-------- RECORDS TO USE --------
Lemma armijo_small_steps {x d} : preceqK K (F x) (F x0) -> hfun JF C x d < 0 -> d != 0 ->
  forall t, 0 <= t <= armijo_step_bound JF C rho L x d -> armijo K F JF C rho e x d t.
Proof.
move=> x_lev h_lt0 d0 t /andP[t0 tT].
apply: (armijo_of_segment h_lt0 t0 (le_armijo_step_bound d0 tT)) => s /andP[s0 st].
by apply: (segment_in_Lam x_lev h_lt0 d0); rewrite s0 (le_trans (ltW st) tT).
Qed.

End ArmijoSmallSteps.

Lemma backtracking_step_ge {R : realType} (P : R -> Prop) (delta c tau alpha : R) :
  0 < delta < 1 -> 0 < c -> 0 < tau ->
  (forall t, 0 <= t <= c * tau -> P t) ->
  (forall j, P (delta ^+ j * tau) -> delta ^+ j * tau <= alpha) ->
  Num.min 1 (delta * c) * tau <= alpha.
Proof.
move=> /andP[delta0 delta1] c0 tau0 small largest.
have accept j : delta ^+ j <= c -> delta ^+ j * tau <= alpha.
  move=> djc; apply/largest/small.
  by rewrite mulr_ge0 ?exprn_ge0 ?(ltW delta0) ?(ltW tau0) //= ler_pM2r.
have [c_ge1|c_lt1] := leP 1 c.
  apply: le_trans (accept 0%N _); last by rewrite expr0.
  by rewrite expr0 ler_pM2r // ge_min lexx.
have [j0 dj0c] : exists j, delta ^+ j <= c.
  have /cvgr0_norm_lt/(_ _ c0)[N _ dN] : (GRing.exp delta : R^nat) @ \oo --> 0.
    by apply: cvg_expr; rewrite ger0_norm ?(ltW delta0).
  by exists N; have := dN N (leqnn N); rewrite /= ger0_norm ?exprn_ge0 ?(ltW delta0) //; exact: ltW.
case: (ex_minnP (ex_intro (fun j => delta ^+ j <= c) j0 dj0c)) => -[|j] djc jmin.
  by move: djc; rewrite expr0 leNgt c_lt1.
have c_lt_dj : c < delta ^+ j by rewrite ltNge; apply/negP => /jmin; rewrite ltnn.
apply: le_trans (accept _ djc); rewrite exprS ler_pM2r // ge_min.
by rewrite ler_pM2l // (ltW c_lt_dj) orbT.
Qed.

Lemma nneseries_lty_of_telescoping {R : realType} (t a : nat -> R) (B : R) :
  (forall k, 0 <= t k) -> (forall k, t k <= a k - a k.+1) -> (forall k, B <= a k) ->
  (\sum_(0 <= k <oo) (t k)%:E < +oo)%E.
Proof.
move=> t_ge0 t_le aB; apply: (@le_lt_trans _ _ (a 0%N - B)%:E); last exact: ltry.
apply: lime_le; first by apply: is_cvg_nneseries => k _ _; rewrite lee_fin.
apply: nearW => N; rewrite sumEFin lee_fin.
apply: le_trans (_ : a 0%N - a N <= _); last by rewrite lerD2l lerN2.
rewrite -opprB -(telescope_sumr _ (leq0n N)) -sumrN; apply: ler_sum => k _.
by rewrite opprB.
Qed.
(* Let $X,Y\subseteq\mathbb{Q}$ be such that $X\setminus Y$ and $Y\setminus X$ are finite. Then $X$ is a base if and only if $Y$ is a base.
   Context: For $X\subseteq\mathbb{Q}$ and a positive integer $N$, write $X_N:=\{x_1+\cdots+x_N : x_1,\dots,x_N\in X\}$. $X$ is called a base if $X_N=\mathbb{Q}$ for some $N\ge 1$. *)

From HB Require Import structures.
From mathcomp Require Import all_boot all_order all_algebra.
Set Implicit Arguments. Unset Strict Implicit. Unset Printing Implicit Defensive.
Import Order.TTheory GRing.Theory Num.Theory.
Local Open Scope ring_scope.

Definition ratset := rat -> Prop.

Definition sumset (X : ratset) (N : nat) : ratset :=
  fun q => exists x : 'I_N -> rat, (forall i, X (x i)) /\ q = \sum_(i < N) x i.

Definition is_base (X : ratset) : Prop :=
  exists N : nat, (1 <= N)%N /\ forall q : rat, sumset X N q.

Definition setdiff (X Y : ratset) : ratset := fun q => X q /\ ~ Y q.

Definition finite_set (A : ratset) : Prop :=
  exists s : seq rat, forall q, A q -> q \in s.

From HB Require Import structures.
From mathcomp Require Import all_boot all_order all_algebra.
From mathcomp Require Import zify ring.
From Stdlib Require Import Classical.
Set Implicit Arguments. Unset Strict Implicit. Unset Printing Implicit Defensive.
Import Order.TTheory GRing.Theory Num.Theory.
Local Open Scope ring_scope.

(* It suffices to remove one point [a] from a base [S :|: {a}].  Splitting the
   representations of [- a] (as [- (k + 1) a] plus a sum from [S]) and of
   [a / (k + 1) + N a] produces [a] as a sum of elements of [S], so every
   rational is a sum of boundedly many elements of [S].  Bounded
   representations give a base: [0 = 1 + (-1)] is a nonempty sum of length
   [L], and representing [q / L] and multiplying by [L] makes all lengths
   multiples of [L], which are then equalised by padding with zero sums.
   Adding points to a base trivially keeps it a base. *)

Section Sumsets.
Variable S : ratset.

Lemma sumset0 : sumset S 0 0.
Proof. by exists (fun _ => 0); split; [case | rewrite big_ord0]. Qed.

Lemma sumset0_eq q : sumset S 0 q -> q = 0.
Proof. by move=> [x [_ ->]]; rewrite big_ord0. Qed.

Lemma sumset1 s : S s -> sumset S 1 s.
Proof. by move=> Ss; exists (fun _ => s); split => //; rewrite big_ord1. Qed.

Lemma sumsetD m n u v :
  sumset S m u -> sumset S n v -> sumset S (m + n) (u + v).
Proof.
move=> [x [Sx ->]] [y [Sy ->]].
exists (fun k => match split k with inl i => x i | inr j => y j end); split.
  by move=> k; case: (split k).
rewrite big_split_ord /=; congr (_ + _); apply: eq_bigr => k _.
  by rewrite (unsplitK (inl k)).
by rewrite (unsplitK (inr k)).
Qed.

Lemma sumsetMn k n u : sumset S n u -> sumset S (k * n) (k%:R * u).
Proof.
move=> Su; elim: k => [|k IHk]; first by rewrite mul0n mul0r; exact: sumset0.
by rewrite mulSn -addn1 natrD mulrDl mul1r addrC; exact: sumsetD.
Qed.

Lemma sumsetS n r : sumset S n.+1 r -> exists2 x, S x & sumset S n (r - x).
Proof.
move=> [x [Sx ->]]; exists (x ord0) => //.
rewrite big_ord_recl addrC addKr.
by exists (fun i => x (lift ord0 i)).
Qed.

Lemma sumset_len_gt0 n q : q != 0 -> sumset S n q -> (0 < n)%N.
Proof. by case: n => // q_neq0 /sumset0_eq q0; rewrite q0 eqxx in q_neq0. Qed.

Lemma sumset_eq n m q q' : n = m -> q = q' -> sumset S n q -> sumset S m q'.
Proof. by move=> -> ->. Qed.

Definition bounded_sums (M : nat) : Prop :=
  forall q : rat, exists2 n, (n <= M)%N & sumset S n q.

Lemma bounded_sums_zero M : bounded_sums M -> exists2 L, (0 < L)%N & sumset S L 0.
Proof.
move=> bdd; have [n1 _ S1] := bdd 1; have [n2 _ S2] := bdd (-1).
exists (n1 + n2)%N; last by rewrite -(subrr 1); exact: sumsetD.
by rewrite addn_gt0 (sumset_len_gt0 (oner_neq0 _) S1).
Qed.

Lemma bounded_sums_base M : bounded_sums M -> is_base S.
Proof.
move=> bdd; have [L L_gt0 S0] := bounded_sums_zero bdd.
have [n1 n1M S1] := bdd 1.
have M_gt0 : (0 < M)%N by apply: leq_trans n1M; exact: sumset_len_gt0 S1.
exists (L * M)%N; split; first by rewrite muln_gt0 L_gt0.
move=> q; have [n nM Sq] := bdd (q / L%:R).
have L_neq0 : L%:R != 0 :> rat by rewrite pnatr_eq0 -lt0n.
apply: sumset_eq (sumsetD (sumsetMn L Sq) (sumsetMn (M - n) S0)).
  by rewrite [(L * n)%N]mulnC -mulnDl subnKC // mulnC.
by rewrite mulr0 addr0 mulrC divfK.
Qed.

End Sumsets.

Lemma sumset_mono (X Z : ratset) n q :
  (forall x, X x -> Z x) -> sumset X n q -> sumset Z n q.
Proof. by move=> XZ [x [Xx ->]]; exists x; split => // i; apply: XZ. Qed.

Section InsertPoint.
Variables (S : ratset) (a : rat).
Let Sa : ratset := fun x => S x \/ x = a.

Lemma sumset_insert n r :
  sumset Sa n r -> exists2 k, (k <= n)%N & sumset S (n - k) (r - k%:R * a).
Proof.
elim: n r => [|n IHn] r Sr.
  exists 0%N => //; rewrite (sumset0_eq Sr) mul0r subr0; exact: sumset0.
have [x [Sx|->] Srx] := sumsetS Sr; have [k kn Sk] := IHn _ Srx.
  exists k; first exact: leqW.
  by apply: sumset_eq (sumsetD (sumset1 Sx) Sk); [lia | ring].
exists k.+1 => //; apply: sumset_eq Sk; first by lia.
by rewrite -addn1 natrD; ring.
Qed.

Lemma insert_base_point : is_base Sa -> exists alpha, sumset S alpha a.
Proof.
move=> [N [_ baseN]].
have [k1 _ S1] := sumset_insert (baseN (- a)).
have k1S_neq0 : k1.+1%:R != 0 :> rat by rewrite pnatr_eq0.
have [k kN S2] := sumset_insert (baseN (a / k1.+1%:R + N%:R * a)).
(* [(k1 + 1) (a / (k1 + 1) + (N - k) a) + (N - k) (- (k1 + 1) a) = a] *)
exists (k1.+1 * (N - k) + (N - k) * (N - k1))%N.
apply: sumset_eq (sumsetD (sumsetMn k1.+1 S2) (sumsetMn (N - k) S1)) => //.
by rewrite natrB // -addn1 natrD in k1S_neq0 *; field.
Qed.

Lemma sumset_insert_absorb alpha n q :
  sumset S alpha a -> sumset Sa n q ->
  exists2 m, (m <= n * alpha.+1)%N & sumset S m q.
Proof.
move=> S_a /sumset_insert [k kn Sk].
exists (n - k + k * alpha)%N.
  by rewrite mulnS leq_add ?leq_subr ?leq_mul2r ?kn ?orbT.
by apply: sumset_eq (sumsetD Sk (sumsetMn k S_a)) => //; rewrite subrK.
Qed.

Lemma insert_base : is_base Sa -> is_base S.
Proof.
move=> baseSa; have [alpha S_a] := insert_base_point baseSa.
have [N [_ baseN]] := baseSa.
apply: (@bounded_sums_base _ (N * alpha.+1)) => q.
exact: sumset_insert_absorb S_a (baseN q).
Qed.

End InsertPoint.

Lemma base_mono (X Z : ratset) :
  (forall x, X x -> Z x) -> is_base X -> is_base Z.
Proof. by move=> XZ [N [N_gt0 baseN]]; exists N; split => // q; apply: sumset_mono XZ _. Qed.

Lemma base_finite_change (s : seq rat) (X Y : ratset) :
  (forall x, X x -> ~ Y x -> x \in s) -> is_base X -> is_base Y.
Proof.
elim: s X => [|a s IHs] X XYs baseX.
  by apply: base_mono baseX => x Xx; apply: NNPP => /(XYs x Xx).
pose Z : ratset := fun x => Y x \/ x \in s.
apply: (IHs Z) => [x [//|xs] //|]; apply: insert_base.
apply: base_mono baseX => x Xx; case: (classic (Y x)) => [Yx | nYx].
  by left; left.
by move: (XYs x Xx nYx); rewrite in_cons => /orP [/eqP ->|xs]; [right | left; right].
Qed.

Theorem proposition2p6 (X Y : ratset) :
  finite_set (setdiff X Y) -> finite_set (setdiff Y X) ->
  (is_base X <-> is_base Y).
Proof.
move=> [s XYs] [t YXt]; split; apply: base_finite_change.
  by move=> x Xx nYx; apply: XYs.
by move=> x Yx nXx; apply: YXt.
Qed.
--------
## WORK TO BE COMPLETED
Your task is to retype the entries verbatim, starting with the line that holds "Lemma sumset_mono (X" and stopping after the line that holds "exists 0%N =>".

## SOLUTION TO THIS EXERCISE
Lemma sumset_mono (X Z : ratset) n q :
  (forall x, X x -> Z x) -> sumset X n q -> sumset Z n q.
Proof. by move=> XZ [x [Xx ->]]; exists x; split => // i; apply: XZ. Qed.

Section InsertPoint.
Variables (S : ratset) (a : rat).
Let Sa : ratset := fun x => S x \/ x = a.

Lemma sumset_insert n r :
  sumset Sa n r -> exists2 k, (k <= n)%N & sumset S (n - k) (r - k%:R * a).
Proof.
elim: n r => [|n IHn] r Sr.
  exists 0%N => //; rewrite (sumset0_eq Sr) mul0r subr0; exact: sumset0.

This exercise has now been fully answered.